2007-01-31
The inherent fragility of complex systems (in system administration)
It's not that complex software systems are inherently fragile for the usual reason, because they have more places and pieces to go wrong than simple systems do; unlike physical machines, computer software has no mechanical wear and thus doesn't just break on its own (barring intrinsic flaws). Living in a digital world, computer software that works keeps working forever until something changes.
The real problem with complex systems is that it's very hard for people to keep track of all of the interrelationships, and thus to see the full effects of doing things. As a result, when you go to do something or change something, it's too easily to overlook a consequence and create an explosion.
(And it is very frustrating, because usually things are so obvious in hindsight. But this is because when you look back afterwards you don't have to try to keep track of everything, just the bits involved in the failure. Then you clearly see, far too late to be useful, how when you change A it causes B to shift sideways and so C goes completely off the rails.)
It does no good to tell people, yourself included, to study your complex system harder and to be more careful. People simply have a limit to how much they can hold in their head at once, and no amount of exhortation can change it.
(And system administration, to a first order approximation, is about change.)
Why I am not fond of DHCP in lab environments
Using DHCP to assign IP addresses is pretty popular in environments with lots of machines. You'd think that student labs, full of generic machines, would thus be a great environment for DHCP, but actually I disagree; I believe that (normal) DHCP is not a great match for a lab environment.
The problem with DHCP is that it ties the IP address to the wrong thing.

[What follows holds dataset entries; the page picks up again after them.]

(* The discretisation error [exp (2 C / M)] is at most [2] once [M > 4 C]. *)
Lemma chernoff_hoeffding (c : 'I_m -> R) (t : R) (A : set T) :
  measurable A -> (forall w, A w -> t <= \sum_i c i * X i w) ->
  (P A <= (2 * expR (- t + \sum_i (c i * mu + c i ^+ 2 / 8)))%:E)%E.
Proof.
move=> mA HA; set C := \sum_i `|c i|.
pose M := (Num.truncn (4 * C)).+1.
have M_gt0 : (0 < M)%N by [].
have M_pos : 0 < M%:R :> R by rewrite ltr0n.
have CM : 2 * C / M%:R <= 1 / 2.
  by have : 4 * C < M%:R := truncnS_gt _; rewrite ler_pdivrMr //; lra.
apply: (le_trans (prob_le_sum_cell_box M c t A M_gt0 mA HA)).
rewrite lee_fin (sum_ffun_expR_prod (fun i j => c i * grid M j + `|c i| / M%:R)
  (fun i j => cell_prob (X i) M j)).
have mgf_factor i : \sum_j cell_prob (X i) M j * expR (c i * grid M j + `|c i| / M%:R)
    <= expR (c i * mu + c i ^+ 2 / 8 + 2 * (`|c i| / M%:R)).
  under eq_bigr do rewrite expRD mulrA.
  have cell_mgf := cell_mgf_le (X i) mu M M_gt0 (X01 i) (EX i) (c i).
  rewrite -mulr_suml; apply: le_trans (ler_wpM2r (expR_ge0 _) cell_mgf) _.
  by rewrite -expRD ler_expR; lra.
have prod_mgf : \prod_i \sum_j cell_prob (X i) M j * expR (c i * grid M j + `|c i| / M%:R)
    <= \prod_i expR (c i * mu + c i ^+ 2 / 8 + 2 * (`|c i| / M%:R)).
  apply: ler_prod => i _; rewrite mgf_factor andbT.
  by apply: sumr_ge0 => j _; rewrite mulr_ge0 ?expR_ge0 ?cell_prob_ge0.
apply: le_trans (ler_wpM2l (expR_ge0 _) prod_mgf) _.
rewrite -expR_sum -expRD big_split /= -mulr_sumr -mulr_suml -/C addrA expRD mulrC.
by rewrite ler_wpM2r ?expR_ge0 // expR_le2 // mulrA.
Qed.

In a lab environment you don't want a machine's IP address to be tied to its hardware; you want its IP address to be tied to its physical position in the lab, so that you can actually find it without having to search through the whole place.
(Given that automatically determining a machine's physical position is hard, I'd be happy if I could dynamically assign IP addresses based on what switch port a machine was plugged into; student lab wiring is usually pretty regular and static, and can thus be mapped easily into a physical position. And in theory you could get this information from sufficiently intelligent switches, and do it on the fly to make up DHCP replies.)
While you can do this with DHCP, you're doing so indirectly, which means that you can't move machines inside a lab without updating your DHCP configuration. Given that you have to do something when machines are moved around anyways, I prefer just giving machines static IP addresses and updating them directly when things move; it has less moving parts.